Work request | Starting with the line that contains "rewrite H1 in H2. now injection H2." and stopping after the line that contains "sum_O; simpl; ring|].", return each line below exactly as written, with no others.

Information supplied |
Definition os_norm (x : V) : R :=
  inf [set r : R | 0 <= r /\ os_pos (os_block2 r x)].

(* operator subsystems: self-adjoint subspaces containing the unit
   (with the matrix order inherited from X) *)
Definition is_subsystem (X0 : {vspace V}) :=
  os_unit X \in X0 /\ forall x, x \in X0 -> os_star X x \in X0.

(* Ind_CP(X : X0), valued in the extended reals (+oo if the set is empty) *)
Definition Ind_CP (X0 : {vspace V}) : \bar R :=
  ereal_inf [set (os_norm (phi (os_unit X)))%:E | phi in
    [set phi : 'End(V) | is_CP1 phi
       /\ (forall x, phi x \in X0)
       /\ is_CP (phi - \1)%VF]].

End OpSys.

From HB Require Import structures.
From mathcomp Require Import all_boot all_order all_algebra.
From mathcomp Require Import complex.
From mathcomp Require Import all_classical all_reals ereal.
From mathcomp Require Import normedtype derive.
Import Order.TTheory GRing.Theory Num.Theory.
Import numFieldNormedType.Exports.
Local Open Scope ring_scope.

(* Pick a self-adjoint [x] outside [X0] with [-r e <= x <= r e].  As [X] is finite
   dimensional, [x] has a positive distance [d], in the order-unit seminorm, from the
   self-adjoint part of [X0]: along a real spanning list, the distance to the span of
   [u :: s] is the infimum over [b] of the continuous, positive and coercive function
   [b |-> dist (x - b u, span s)].  An admissible [phi] maps [e] to [(1 + tau) e] and
   [psi = phi - id] is CP with [psi e = tau e], so [-r tau e <= phi x - x <= r tau e].
   As [phi x] is self-adjoint and lies in [X0], [d <= r tau], whence
   [||phi e|| >= 1 + tau >= 1 + d / r > 1]. *)

Lemma lipschitz_continuous (R : realType) (F : R -> R) (k : R) : 0 < k ->
  (forall a b, `|F a - F b| <= k * `|a - b|) -> continuous F.
Proof.
move=> k_gt0 lipF x; apply/cvgrPdist_lt => eps eps_gt0.
near=> t; apply: le_lt_trans (lipF x t) _; rewrite -ltr_pdivlMl //.
near: t; apply/nbhs_ballP; exists (k^-1 * eps) => /=; last by move=> t.
by rewrite mulr_gt0 ?invr_gt0.
Unshelve. all: by end_near.
Qed.

Lemma continuous_coercive_inf_gt0 (R : realType) (F : R -> R) (M : R) :
  continuous F -> (forall b, 0 < F b) -> (forall b, M < `|b| -> 1 <= F b) ->
  exists2 d : R, 0 < d & forall b, d <= F b.
Proof.
move=> contF F_gt0 F_far.
have NMM : - `|M| <= `|M| by rewrite (le_trans _ (normr_ge0 M)) // oppr_le0.
have [c _ Fc_min] := EVT_min NMM (continuous_subspaceT contF).
exists (Num.min 1 (F c)); first by rewrite lt_min ltr01 F_gt0.
move=> b; case: (lerP `|b| `|M|) => bM.
  by rewrite ge_min (Fc_min b) ?orbT // in_itv /= -ler_norml.
by rewrite ge_min F_far // (le_lt_trans (ler_norm M)).
Qed.

Arguments os_star {R V} o.
Arguments os_unit {R V} o.
Arguments os_cone {R V} o n.
Arguments os_starD {R V} o.
Arguments os_starZ {R V} o.
Arguments os_starK {R V} o.
Arguments os_unit_sa {R V} o.
Arguments os_cone_sa {R V o n x}.
Arguments os_coneD {R V o n x y}.
Arguments os_coneZ {R V o n r x}.
Arguments os_cone_proper {R V o n x}.
Arguments os_cone_congr {R V o n m} alpha {x}.
Arguments os_unit_order {R V o n x}.
Arguments os_unit_arch {R V o n x}.
Theorem theorem3 (R : realType) (n : nat) (U V W : 'M[R[i]]_n) :
  unitary U -> unitary V -> unitary W ->
  (forall c : R[i], `|c| = 1 ->
     udist U (c *: V) = udist U V /\ udist (c *: U) V = udist U V) /\
  (0 <= udist U V /\ udist U V <= 1) /\
  (udist U V = 0 <-> exists c : R[i], `|c| = 1 /\ U = c *: V) /\
  udist U V = udist V U /\
  udist U W <= udist U V + udist V W /\
  (forall X : 'M[R[i]]_n, unitary X ->
     udist (X *m U) (X *m V) = udist U V /\ udist (U *m X) (V *m X) = udist U V) /\
  (udist U V = 1 <->
     exists alpha : 'cV[R[i]]_n,
       inner alpha alpha = 1 /\ inner (U *m alpha) (V *m alpha) = 0).
Proof.
move=> HU HV HW.
split; first by move=> c c1; split; [exact: udistZr | exact: udistZl].
split; first by split; [exact: udist_ge0 | exact: udist_le1].
split; first exact: udist_eq0.
split; first exact: udistC.
split; first exact: udist_triangle.
split; first by move=> X HX; split; [exact: udist_mulmxl | exact: udist_mulmxr].
exact: udist_eq1.
Qed.
(* Let $q\in\mathbb{Z}\setminus\{0\}$ and $G=BS(1,q)=\langle a,b\mid aba^{-1}=b^q\rangle$. Let $\varepsilon\colon G\to\mathbb{Z}$ be the homomorphism with $\varepsilon(a)=1$, $\varepsilon(b)=0$, and let $\iota\colon\ker\varepsilon\to\mathbb{Z}[1/q]$ be the group isomorphism with $\iota(b)=1$ (so $\iota(a^{-m}ba^{m})=q^{-m}$). Define $P_1=\{g:\varepsilon(g)>0\}\cup\{g\in\ker\varepsilon:\iota(g)>0\}$, $P_2=\{g:\varepsilon(g)<0\}\cup\{g\in\ker\varepsilon:\iota(g)>0\}$, $P_3=P_1^{-1}$ and $P_4=P_2^{-1}$. Then for each $i\in\{1,2,3,4\}$ there is a one-counter language $\mathcal{L}_i\subseteq\{a,a^{-1},b,b^{-1}\}^*$ whose image under the natural evaluation map onto $G$ is $P_i$.
   Context: $\mathbb{Z}[1/q]$ is the smallest subring of $\mathbb{Q}$ containing $\mathbb{Z}$ and $1/q$, ordered as a subset of $\mathbb{R}$. A one-counter language is a language accepted by a nondeterministic pushdown automaton whose stack alphabet consists of a single symbol. The evaluation map sends a word in $a^{\pm1},b^{\pm1}$ to the corresponding product in $G$. *)

From HB Require Import structures.
From mathcomp Require Import all_boot all_order all_algebra.
Set Implicit Arguments. Unset Strict Implicit. Unset Printing Implicit Defensive.
Import Order.TTheory GRing.Theory Num.Theory.
Local Open Scope ring_scope.

(** Alphabet {a, a^-1, b, b^-1}. *)
Inductive letter := La | LA | Lb | LB.

Definition letter_code (x : letter) : nat :=
  match x with La => 0 | LA => 1 | Lb => 2 | LB => 3 end%N.
Definition letter_decode (n : nat) : option letter :=
  match n with 0 => Some La | 1 => Some LA | 2 => Some Lb | 3 => Some LB | _ => None end%N.
Lemma letter_codeK : pcancel letter_code letter_decode.
Proof. by case. Qed.
HB.instance Definition _ := Equality.copy letter (pcan_type letter_codeK).

Definition word := seq letter.

Definition linv (x : letter) : letter :=
  match x with La => LA | LA => La | Lb => LB | LB => Lb end.
Definition winv (w : word) : word := rev (map linv w).

Definition bpow (q : int) : word :=
  if (0 <= q) then nseq `|q|%N Lb else nseq `|q|%N LB.

(** Equality in G = BS(1,q) = < a, b | a b a^-1 = b^q >: the congruence on
    words generated by free reduction and the defining relator. *)
Inductive bs_eq (q : int) : word -> word -> Prop :=
| bs_refl w : bs_eq q w w
| bs_sym u v : bs_eq q u v -> bs_eq q v u
| bs_trans u v w : bs_eq q u v -> bs_eq q v w -> bs_eq q u w
| bs_free u v x : bs_eq q (u ++ x :: linv x :: v) (u ++ v)
| bs_rel u v : bs_eq q (u ++ [:: La; Lb; LA] ++ v) (u ++ bpow q ++ v).
(* Let $v_1\ge v_2>0$, $m\in\mathbb{Z}_{\ge1}$ and $0<b<m$. If a strategy profile $(X,Y)$ with $\mathbf{E}(X)=m$ and $\mathbf{E}(Y)=b$ is a Nash equilibrium of the discrete all-pay auction with valuations $v_1,v_2$, then $m=v_2/2$, $(X,Y)$ is a Nash equilibrium of the General Lotto game $\Gamma(m,b)$, and $X=U_{\mathrm{O}}^m$.
   Context: Discrete all-pay auction: two players, 1 and 2, value a prize at $v_1$ and $v_2$ respectively, where $v_1\ge v_2>0$. A (mixed) strategy is a probability distribution on $\mathbb{Z}_{\ge 0}$ with finite mean, identified with a $\mathbb{Z}_{\ge0}$-valued random variable; the two players' choices are independent. If player 1 uses $X$ and player 2 uses $Y$, the expected payoffs are $P^1(X,Y)=v_1\Pr(X>Y)+\frac{v_1}{2}\Pr(X=Y)-\mathbf{E}(X)$ and $P^2(Y,X)=v_2\Pr(Y>X)+\frac{v_2}{2}\Pr(X=Y)-\mathbf{E}(Y)$. A Nash equilibrium of the all-pay auction is a pair $(X,Y)$ with $P^1(X,Y)\ge P^1(X',Y)$ and $P^2(Y,X)\ge P^2(Y',X)$ for all strategies $X',Y'$. Discrete General Lotto game: for reals $a,b\ge 0$, in $\Gamma(a,b)$ player 1 chooses a distribution $X$ on $\mathbb{Z}_{\ge0}$ with $\mathbf{E}(X)=a$ and player 2 chooses a distribution $Y$ on $\mathbb{Z}_{\ge 0}$ with $\mathbf{E}(Y)=b$ (independently); the payoff to player 1 is $H(X,Y)=\Pr(X>Y)-\Pr(X<Y)$ and to player 2 is $H(Y,X)=-H(X,Y)$. A Nash equilibrium of $\Gamma(a,b)$ is a pair $(X,Y)$ from these strategy sets such that neither player can increase her payoff by switching to another strategy in her own strategy set. For $m\ge1$, $U_{\mathrm{O}}^m$ is the uniform distribution on $\{1,3,\dots,2m-1\}$. *)

From Stdlib Require Import Reals Arith.
From Coquelicot Require Import Coquelicot.
Open Scope R_scope.

Definition is_strategy (p : nat -> R) : Prop :=
  (forall n, 0 <= p n) /\ is_series p 1 /\ ex_series (fun n => INR n * p n).

Definition mean (p : nat -> R) : R := Series (fun n => INR n * p n).

(* Pr(X > Y) for independent X ~ p, Y ~ q *)
Definition Pr_gt (p q : nat -> R) : R :=
  Series (fun i => p i * Series (fun j => if (j <? i)%nat then q j else 0)).

(* Pr(X = Y) for independent X ~ p, Y ~ q *)
Definition Pr_eq (p q : nat -> R) : R := Series (fun i => p i * q i).

Definition P1 (v1 : R) (p q : nat -> R) : R :=
  v1 * Pr_gt p q + v1 / 2 * Pr_eq p q - mean p.
Definition P2 (v2 : R) (q p : nat -> R) : R :=
  v2 * Pr_gt q p + v2 / 2 * Pr_eq p q - mean q.

Definition allpay_NE (v1 v2 : R) (p q : nat -> R) : Prop :=
  is_strategy p /\ is_strategy q /\
  (forall p', is_strategy p' -> P1 v1 p' q <= P1 v1 p q) /\
  (forall q', is_strategy q' -> P2 v2 q' p <= P2 v2 q p).

Definition H (p q : nat -> R) : R := Pr_gt p q - Pr_gt q p.

Definition lotto_strategy (a : R) (p : nat -> R) : Prop :=
  is_strategy p /\ mean p = a.

Definition lotto_NE (a b : R) (p q : nat -> R) : Prop :=
  lotto_strategy a p /\ lotto_strategy b q /\
  (forall p', lotto_strategy a p' -> H p' q <= H p q) /\
  (forall q', lotto_strategy b q' -> H q' p <= H q p).

(* U_O^m : uniform on {1,3,...,2m-1} *)
Definition uniform_odd (m : nat) (n : nat) : R :=
  if (Nat.odd n && (n <? 2 * m)%nat)%bool then / INR m else 0.

(* Everything is expressed through win r k = Pr(R < k) + Pr(R = k)/2, the
   chance that bid k beats a bid drawn from r (ties split), and the identity
   E_p[win q] + E_q[win p] = 1.  Both all-pay payoffs and the Lotto payoff are
   affine in E_p[win q] and the means, so a deviation with the same mean that
   is profitable in one game is profitable in the other: this gives the Lotto
   equilibrium.  Player 1 deviating to U = U_O^m, for which 2m win U k <= k,
   shows 2m E_q[win p] <= b.  Player 2 deviating to mixtures with mean b that
   charge an arbitrary point k then forces 2m win p k <= k for every k, with
   equality on the support of p because E_p[win p] = 1/2.  In terms of the
   cumulative sums of s = m p this "tight bound" forces the staircase profile
   of m U, so p = U.  Finally player 2's deviations to the bids 0 and 2m pin
   down m = v2/2.  Partial sums, expectations, win, U_O^m and the tight-bound
   lemma are developed first; the equilibrium section then assembles them. *)
From Stdlib Require Import Reals Lra Lia FunctionalExtensionality.
From Coquelicot Require Import Coquelicot.
Open Scope R_scope.

Lemma INR_double (n : nat) : INR (2 * n) = 2 * INR n.
Proof. rewrite mult_INR; simpl; ring. Qed.

Lemma lim_unique (u : nat -> R) (l1 l2 : R) :
  is_lim_seq u l1 -> is_lim_seq u l2 -> l1 = l2.
Proof.
  intros H1 H2. apply is_lim_seq_unique in H1, H2.
  rewrite H1 in H2. now injection H2.
Qed.

(* psum f n = f 0 + ... + f (n - 1); with this convention psum r k is the
   probability Pr(R < k) for a distribution r. *)
Fixpoint psum (f : nat -> R) (n : nat) : R :=
  match n with O => 0 | S k => psum f k + f k end.

Lemma psum_S (f : nat -> R) (n : nat) : psum f (S n) = psum f n + f n.
Proof. reflexivity. Qed.

Lemma is_series_psum (f : nat -> R) (l : R) :
  is_series f l <-> is_lim_seq (psum f) l.
Proof.
  assert (Hsum : forall n, sum_n f n = psum f (S n)).
  { induction n as [|n IH]; [rewrite sum_O; simpl; ring|].
    rewrite sum_Sn, IH; simpl; unfold plus; simpl; ring. }
  split; intro H.
  - apply is_lim_seq_incr_1. eapply is_lim_seq_ext; [exact Hsum|exact H].
  - apply is_lim_seq_incr_1 in H. change (is_lim_seq (sum_n f) l).
    eapply is_lim_seq_ext; [|exact H]. intro n; symmetry; apply Hsum.
Qed.

Lemma psum_ext_lt (f g : nat -> R) (n : nat) :
  (forall i, (i < n)%nat -> f i = g i) -> psum f n = psum g n.
Proof.
  induction n as [|n IH]; intro H; simpl; [reflexivity|].
  rewrite IH by (intros; apply H; lia). rewrite H by lia. reflexivity.
Qed.

Lemma psum_scal (c : R) (f : nat -> R) (n : nat) :
  psum (fun i => c * f i) n = c * psum f n.
Proof. induction n as [|n IH]; simpl; [ring|]. rewrite IH; ring. Qed.

Lemma psum_mono (f : nat -> R) (n k : nat) :
  (forall i, 0 <= f i) -> (n <= k)%nat -> psum f n <= psum f k.
Proof.
  intros H Hnk. induction Hnk as [|k _ IH]; simpl; [lra|].
  specialize (H k); lra.
Qed.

Written answer |
  rewrite H1 in H2. now injection H2.
Qed.

(* psum f n = f 0 + ... + f (n - 1); with this convention psum r k is the
   probability Pr(R < k) for a distribution r. *)
Fixpoint psum (f : nat -> R) (n : nat) : R :=
  match n with O => 0 | S k => psum f k + f k end.

Lemma psum_S (f : nat -> R) (n : nat) : psum f (S n) = psum f n + f n.
Proof. reflexivity. Qed.

Lemma is_series_psum (f : nat -> R) (l : R) :
  is_series f l <-> is_lim_seq (psum f) l.
Proof.
  assert (Hsum : forall n, sum_n f n = psum f (S n)).
  { induction n as [|n IH]; [rewrite sum_O; simpl; ring|].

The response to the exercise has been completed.